**What you need to do**
Comb the records below for the string "which" and copy each line where it turns up.

[Items listed in a dataset]
(* For $n\geq 0$ let $D_n$ denote the $1\times n$ (one row, $n$ columns) misère \textsc{Domineering} rectangle, in which Left places vertical dominoes and Right places horizontal dominoes. Write $n=6k+r$ with $k\geq 0$, $0\leq r\leq 5$. Then, in every universe $\mathcal{U}$ (i.e. with respect to $\equiv_\mathcal{U}$ for every universe $\mathcal{U}$), $D_n$ is equal to: $k\cdot(\bar{1}0)_\#$ if $r\in\{0,1\}$; $k\cdot(\bar{1}0)_\#+\bar{1}$ if $r\in\{2,3\}$; $k\cdot(\bar{1}0)_\#+\bar{1}0$ if $r=4$; $k\cdot(\bar{1}0)_\#+\bar{2}$ if $r=5$.
   Context: Games are finite partizan games; $o(G)$ is the misère outcome class (ordered $\mathscr{L}>\mathscr{N}>\mathscr{R}$, $\mathscr{L}>\mathscr{P}>\mathscr{R}$). A universe is a set of games closed under options, disjunctive sums, conjugates, and forming $\{\mathscr{G}^L\mid\mathscr{G}^R\}$ from nonempty finite subsets of it; $G\equiv_\mathcal{U}H$ means $o(G+X)=o(H+X)$ for all $X\in\mathcal{U}$. Notation: $\bar{0}=0$, $\bar{m}=\{\cdot\mid\overline{m-1}\}$ for $m\geq1$ ($\cdot$ meaning no options); $\bar{1}0=\{\cdot\mid\bar{1},0\}$; $(\bar{1}0)_\#=\{\cdot\mid\bar{1}0\}$; $k\cdot G$ is the disjunctive sum of $k$ copies of $G$. *)

From Stdlib Require List.
From mathcomp Require Import all_boot.

Set Implicit Arguments.
Unset Strict Implicit.
Unset Printing Implicit Defensive.

Inductive game : Type := Game : seq game -> seq game -> game.

Definition leftopts (G : game) : seq game := let: Game l _ := G in l.
Definition rightopts (G : game) : seq game := let: Game _ r := G in r.

(* Misere play: a player unable to move WINS.
   lwf G : Left, moving first in G, wins;  rwf G : Right, moving first, wins. *)
Fixpoint lwf (G : game) : bool :=
  match G with
  | Game l _ => nilp l || has (fun GL => ~~ rwf GL) l
  end
with rwf (G : game) : bool :=
  match G with
  | Game _ r => nilp r || has (fun GR => ~~ lwf GR) r
  end.

Inductive outcome : Type := OL | ON | OP | OR.

Definition o (G : game) : outcome :=
  match lwf G, rwf G with
  | true, false => OL
  | true, true => ON
  | false, false => OP
  | false, true => OR
  end.

Fixpoint gadd (G : game) : game -> game :=
  fix gaddG (H : game) : game :=
    match G, H with
    | Game gl gr, Game hl hr =>
        Game ([seq gadd g H | g <- gl] ++ [seq gaddG h | h <- hl])
             ([seq gadd g H | g <- gr] ++ [seq gaddG h | h <- hr])
    end.

Fixpoint gconj (G : game) : game :=
  match G with
  | Game l r => Game [seq gconj x | x <- r] [seq gconj x | x <- l]
  end.

Definition universe (U : game -> Prop) : Prop :=
  [/\ (forall G GL, U G -> List.In GL (leftopts G) -> U GL),
      (forall G GR, U G -> List.In GR (rightopts G) -> U GR),
      (forall G H, U G -> U H -> U (gadd G H)),
      (forall G, U G -> U (gconj G)) &
      (forall l r : seq game, l <> [::] -> r <> [::] ->
         (forall x, List.In x l -> U x) -> (forall x, List.In x r -> U x) ->
         U (Game l r))].

Definition equivU (U : game -> Prop) (G H : game) : Prop :=
  forall X, U X -> o (gadd G X) = o (gadd H X).

Definition gzero : game := Game [::] [::].

Fixpoint gbar (m : nat) : game :=
  match m with
  | 0 => gzero
  | m'.+1 => Game [::] [:: gbar m']
  end.

Definition gbar1_0 : game := Game [::] [:: gbar 1; gzero].

Definition gsharp : game := Game [::] [:: gbar1_0].

Fixpoint gmul (k : nat) (G : game) : game :=
  match k with
  | 0 => gzero
  | k'.+1 => gadd G (gmul k' G)
  end.

(* Domineering on a finite board given as a list of cells (x, y) = (column, row).
   The fuel bounds the number of moves; it is taken to be the number of cells,
   which is never exhausted prematurely on duplicate-free boards. *)
Definition remove2 (c d : nat * nat) (b : seq (nat * nat)) : seq (nat * nat) :=
  [seq e <- b | (e != c) && (e != d)].

Fixpoint domin (fuel : nat) (b : seq (nat * nat)) : game :=
  match fuel with
  | 0 => gzero
  | f.+1 =>
      Game [seq domin f (remove2 c (c.1, c.2.+1) b)
             | c <- b & (c.1, c.2.+1) \in b]
           [seq domin f (remove2 c (c.1.+1, c.2) b)
             | c <- b & (c.1.+1, c.2) \in b]
  end.

Definition strip (n : nat) : seq (nat * nat) := [seq (i, 0) | i <- iota 0 n].

Definition D (n : nat) : game := domin (size (strip n)) (strip n).

(** All games below are Left-dead: Left never has a move, so only Right's moves
    shape the play.  For Left-dead games, a simulation of Right's moves in both
    directions ([rbisim]) forces equal misere outcomes against every game X
    whatsoever.  Up to [rbisim], the Left-dead sums
    of \bar1 and \bar1 0 are classified by the least and greatest number of moves
    Right can make, with canonical representatives [bars p q] that add
    componentwise, and (\bar1 0)_# is equivalent to [bars 2 3].  A horizontal domino splits the
    1 x n strip into strips of lengths i and n - 2 - i, so by induction D n is
    [bars ((n+1)/3) (n/2)], the extreme sizes of a maximal domino packing; reading
    these values modulo 6 gives the four cases. *)

From mathcomp Require Import all_boot zify.

Set Implicit Arguments.
Unset Strict Implicit.
Unset Printing Implicit Defensive.

Lemma all_In (T : Type) (p : pred T) (s : seq T) :
  all p s <-> (forall x, List.In x s -> p x).
Proof.
elim: s => [|y s IHs] /=; first by [].
split=> [/andP [py /IHs ps] x [<-|/ps] //|ps].
by apply/andP; split; [apply: ps; left | apply/IHs => x sx; apply: ps; right].
Qed.

Lemma has_In (T : Type) (p : pred T) (s : seq T) :
  has p s <-> exists2 x, List.In x s & p x.
Proof.
elim: s => [|y s IHs] /=; first by split=> // -[].
split=> [/orP [py|/IHs [x sx px]]|[x [<-|sx] px]].
- by exists y; [left|].
- by exists x; [right|].
- by rewrite px.
- by apply/orP; right; apply/IHs; exists x.
Qed.

Lemma In_map_cat (A B : Type) (f g : A -> B) (s t : seq A) y :
  List.In y ([seq f x | x <- s] ++ [seq g x | x <- t]) <->
  (exists2 x, List.In x s & y = f x) \/ (exists2 x, List.In x t & y = g x).
Proof.
rewrite List.in_app_iff !List.in_map_iff.
split=> [[] [x [<- xs]]|[] [x xs ->]]; [left|right|left|right]; by exists x.
Qed.

Lemma game_ind_opts (P : game -> Prop) :
  (forall G, (forall g, List.In g (leftopts G) -> P g) ->
     (forall g, List.In g (rightopts G) -> P g) -> P G) ->
  forall G, P G.
Proof.
(* No [done] before the recursive calls: it would close goals by applying [self]
   to non-structural arguments, which the guard checker rejects. *)
move=> step; fix self 1; case=> l r; apply: step => /=.
- elim: l => [|h l IHl] g /=; first case.
  by case=> [<-|]; [exact: (self h) | exact: IHl].
- elim: r => [|h r IHr] g /=; first case.
  by case=> [<-|]; [exact: (self h) | exact: IHr].
Qed.

Lemma lwfE G : lwf G = nilp (leftopts G) || has (fun g => ~~ rwf g) (leftopts G).
Proof. by case: G. Qed.

Lemma rwfE G : rwf G = nilp (rightopts G) || has (fun g => ~~ lwf g) (rightopts G).
Proof. by case: G. Qed.

Lemma leftopts_add G X :
  leftopts (gadd G X) = [seq gadd g X | g <- leftopts G] ++ [seq gadd G x | x <- leftopts X].
Proof. by case: G; case: X. Qed.

Lemma rightopts_add G X :
  rightopts (gadd G X) = [seq gadd g X | g <- rightopts G] ++ [seq gadd G x | x <- rightopts X].
Proof. by case: G; case: X. Qed.

Lemma nilp_rightopts_add G X :
  nilp (rightopts (gadd G X)) = nilp (rightopts G) && nilp (rightopts X).
Proof. by rewrite rightopts_add cat_nilp /nilp !size_map. Qed.

Fixpoint left_dead (G : game) : bool :=
  let: Game l r := G in nilp l && all left_dead r.

Lemma left_deadP G :
  left_dead G <-> leftopts G = [::] /\ forall g, List.In g (rightopts G) -> left_dead g.
Proof.
case: G => l r /=; rewrite -all_In.
by split=> [/andP [/nilP]|[-> ->]].
Qed.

**Problem solution**
(* For $n\geq 0$ let $D_n$ denote the $1\times n$ (one row, $n$ columns) misère \textsc{Domineering} rectangle, in which Left places vertical dominoes and Right places horizontal dominoes. Write $n=6k+r$ with $k\geq 0$, $0\leq r\leq 5$. Then, in every universe $\mathcal{U}$ (i.e. with respect to $\equiv_\mathcal{U}$ for every universe $\mathcal{U}$), $D_n$ is equal to: $k\cdot(\bar{1}0)_\#$ if $r\in\{0,1\}$; $k\cdot(\bar{1}0)_\#+\bar{1}$ if $r\in\{2,3\}$; $k\cdot(\bar{1}0)_\#+\bar{1}0$ if $r=4$; $k\cdot(\bar{1}0)_\#+\bar{2}$ if $r=5$.
   which is never exhausted prematurely on duplicate-free boards. *)
   to non-structural arguments, which the guard checker rejects. *)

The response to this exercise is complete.